Re: Inline content modification?

From: Joe Cooper <joe@dont-contact.us>
Date: Tue, 16 Jan 2001 17:12:35 -0600

Ok, now that I've dug in deeper, I see what you're talking about.

I've also realized that someone (Olaf Titz--the link is on the
squid.sourceforge page) has already done just what I need (and a lot
more) for Squid 2.3S2. So I'm forward porting it now and converting it
to the new cbdata stuff, and will start a new branch in CVS once it's
compilable. I'm going to write to Olaf to see if he has intentions to
maintain this work, and if not, I'll adopt it. It's much larger than
anything I had planned to do, but since it's already been done, I'd hate
to see it disappear in favor of a lesser implementation.

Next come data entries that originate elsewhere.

Lemma size_vopp u : size (vopp u) = size u.
Proof. exact: size_map. Qed.

Lemma vsub_cons x y u v : vsub (x :: u) (y :: v) = (x - y) :: vsub u v.
Proof. by []. Qed.

Lemma vadd_cons x y u v : vadd (x :: u) (y :: v) = (x + y) :: vadd u v.
Proof. by []. Qed.

Lemma sqnorm_vsub_le0 u v : size u = size v -> sqnorm (vsub u v) <= 0 -> u = v.
Proof.
elim: u v => [|x u IHu] [|y v] //= [eq_uv].
rewrite vsub_cons sqnorm_cons => le0.
have ge0 := sqnorm_ge0 (vsub u v); have ge0' := sqr_ge0 (x - y).
have /eqP : (x - y) ^+ 2 = 0 by lra.
by rewrite sqrf_eq0 subr_eq0 => /eqP ->; rewrite (IHu v) //; lra.
Qed.

Lemma dot_vsubl u v w : size u = size v -> dot (vsub u v) w = dot u w - dot v w.
Proof.
elim: u v w => [|x u IHu] [|y v] [|z w] // eq_uv; rewrite ?dot_nill ?dot_nilr ?subr0 //.
by rewrite vsub_cons !dot_cons IHu; [ring | case: eq_uv].
Qed.

Lemma dot_vaddl u v w : size u = size v -> dot (vadd u v) w = dot u w + dot v w.
Proof.
elim: u v w => [|x u IHu] [|y v] [|z w] // eq_uv; rewrite ?dot_nill ?dot_nilr ?addr0 //.
by rewrite vadd_cons !dot_cons IHu; [ring | case: eq_uv].
Qed.

Lemma dot_vsubr u v w : size v = size w -> dot u (vsub v w) = dot u v - dot u w.
Proof. by move=> eq_vw; rewrite dotC dot_vsubl // !(dotC u). Qed.

Lemma sqnorm_vsub u v : size u = size v ->
  sqnorm (vsub u v) = dot u u - 2 * dot u v + dot v v.
Proof.
move=> eq_uv; rewrite sqnorm_dot dot_vsubl // !dot_vsubr ?size_vsub ?eq_uv ?minnn //.
by rewrite (dotC v u); ring.
Qed.

Lemma dot_voppl u v : dot (vopp u) v = - dot u v.
Proof.
by elim: u v => [|x u IHu] [|y v]; rewrite /= ?dot_nill ?dot_nilr ?oppr0 // !dot_cons IHu; ring.
Qed.

Lemma dot_voppr u v : dot u (vopp v) = - dot u v.
Proof. by rewrite dotC dot_voppl dotC. Qed.

Lemma sqnorm_vopp u : sqnorm (vopp u) = sqnorm u.
Proof. by rewrite !sqnorm_dot dot_voppl dot_voppr opprK. Qed.

Lemma vsub_vopp u v : vsub (vopp u) (vopp v) = vopp (vsub u v).
Proof. by elim: u v => [|x u IHu] [|y v] //=; rewrite !vsub_cons /= IHu opprD. Qed.

Lemma voppK : involutive vopp.
Proof. by move=> u; rewrite /vopp -map_comp map_id_in // => x _ /=; rewrite opprK. Qed.

Lemma vsum_cat u v : vsum (u ++ v) = vsum u + vsum v.
Proof. exact: big_cat. Qed.

Lemma sqnorm_cat u v : sqnorm (u ++ v) = sqnorm u + sqnorm v.
Proof. exact: big_cat. Qed.

Lemma vsub_cat u1 u2 v1 v2 : size u1 = size v1 ->
  vsub (u1 ++ u2) (v1 ++ v2) = vsub u1 v1 ++ vsub u2 v2.
Proof. by move=> eq1; rewrite /vsub zip_cat // map_cat. Qed.
(* Let $n_d>2$ be an odd integer, $\mu=\frac{n_d-1}{2}$, and $\delta\in(0,1/n_d]$. Let $\varepsilon^*\ge0$ be the unique non-negative real with $\delta\sum_{x=0}^{n_d-1}e^{\varepsilon^*(\mu-|x-\mu|)}=1$. Then the distribution $P^*$ on $\{0,\dots,n_d-1\}$ given by $P^*(x)=\delta e^{\varepsilon^*(\mu-|x-\mu|)}$ (a truncated discrete Laplace distribution $P^*(x)=A e^{-\varepsilon^*|x-\mu|}$ with normalizing constant $A$) satisfies $H_{\varepsilon^*}(P^*\|P^*_+)\le\delta$ and $H_{\varepsilon^*}(P^*_+\|P^* )\le\delta$; every distribution $X$ on $\{0,\dots,n_d-1\}$ with $H_{\varepsilon}(X\|X_+)\le\delta$ and $H_{\varepsilon}(X_+\|X)\le\delta$ has $\varepsilon\ge\varepsilon^*$; and $P^*$ is the unique distribution on $\{0,\dots,n_d-1\}$ achieving this with $\varepsilon=\varepsilon^*$. Furthermore, when $\delta\in(1/n_d,1]$, the minimum such $\varepsilon$ is $0$, attained by the uniform distribution on $\{0,\dots,n_d-1\}$.
   Context: For a distribution $X$ on $\mathbb{Z}$, $X_+$ is its shift by one, $X_+(x)=X(x-1)$. The hockey-stick divergence is $H_\varepsilon(P\|Q)=\sum_x[P(x)-e^\varepsilon Q(x)]_+$, where $[t]_+=\max\{t,0\}$. The additive noise mechanism with noise $X$ (release $n+Z$, $Z\sim X$) is $(\varepsilon,\delta)$-DP for neighboring counts differing by one iff $H_\varepsilon(X\|X_+)\le\delta$ and $H_\varepsilon(X_+\|X)\le\delta$. *)

From mathcomp Require Import all_boot all_order all_algebra.
From mathcomp Require Import all_classical all_reals all_analysis.
Set Implicit Arguments. Unset Strict Implicit. Unset Printing Implicit Defensive.
Import Order.TTheory GRing.Theory Num.Theory.
Local Open Scope ring_scope.
Lemma penrose_uniq m n (A : 'M[R]_(m, n)) X Y : penrose A X -> penrose A Y -> X = Y.
Proof.
case=> AXA XAX sAX sXA [AYA YAY sAY sYA].
have trA_AY : A^T = A^T *m (A *m Y) by rewrite -sAY -trmx_mul AYA.
have trA_XA : A^T = X *m A *m A^T by rewrite -sXA -trmx_mul mulmxA AXA.
have X_XAY : X = X *m A *m Y.
  have -> : X *m A *m Y = X *m (X^T *m A^T) *m A *m Y.
    by rewrite -trmx_mul sAX !mulmxA XAX.
  transitivity (X *m (X^T *m (A^T *m (A *m Y)))).
    by rewrite -trA_AY -trmx_mul sAX mulmxA XAX.
  by rewrite !mulmxA.
have Y_XAY : Y = X *m A *m Y.
  have -> : X *m A *m Y = X *m A *m (A^T *m Y^T) *m Y.
    by rewrite -trmx_mul sYA -[X *m A *m (Y *m A) *m Y]mulmxA YAY.
  transitivity (X *m A *m A^T *m (Y^T *m Y)).
    by rewrite -trA_XA mulmxA -trmx_mul sYA YAY.
  by rewrite !mulmxA.
by rewrite X_XAY -Y_XAY.
Qed.

Lemma pinvE m n (A : 'M[R]_(m, n)) X : penrose A X -> pinv A = X.
Proof.
move=> AX; apply: (penrose_uniq _ AX).
by apply: (epsilon_spec (inhabits 0) (penrose A)); exists X.
Qed.

Lemma pinv_sym_idem n (P : 'M[R]_n) : P^T = P -> P *m P = P -> pinv P = P.
Proof. by move=> sP PP; apply: pinvE; split; rewrite ?PP ?sP. Qed.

It has some weirdness in it that confuses me, wherein it has 'faked'
object orientation via preprocessor trickery. Since I haven't the
foggiest notion of object oriented programming or complex preprocessor
fun I'll have to wade my way through it to figure out what it's doing
and probably bring it back to plain ol' C. It also does dynamically
loadable modules which seems overly complicated and not very cross
platform (from comments in the code). But I'll leave it as is for now,
because loadable modules are cool. ;-)

It also operates on the client side rather than server side, which has
possible performance issues, as Robert pointed out. Then again, now
that I've actually seen a fully fleshed out design of this I realize
that client side allows better flexibility, and so I'll probably leave
it as is for now. The added flexibility is that Squid can decide which
URLs to modify based on the client as well as the source. Meaning
clients in the US could get unmodified URLs while Indian clients can get
modified URLs. Pretty neat and probably worth the CPU hit in some cases.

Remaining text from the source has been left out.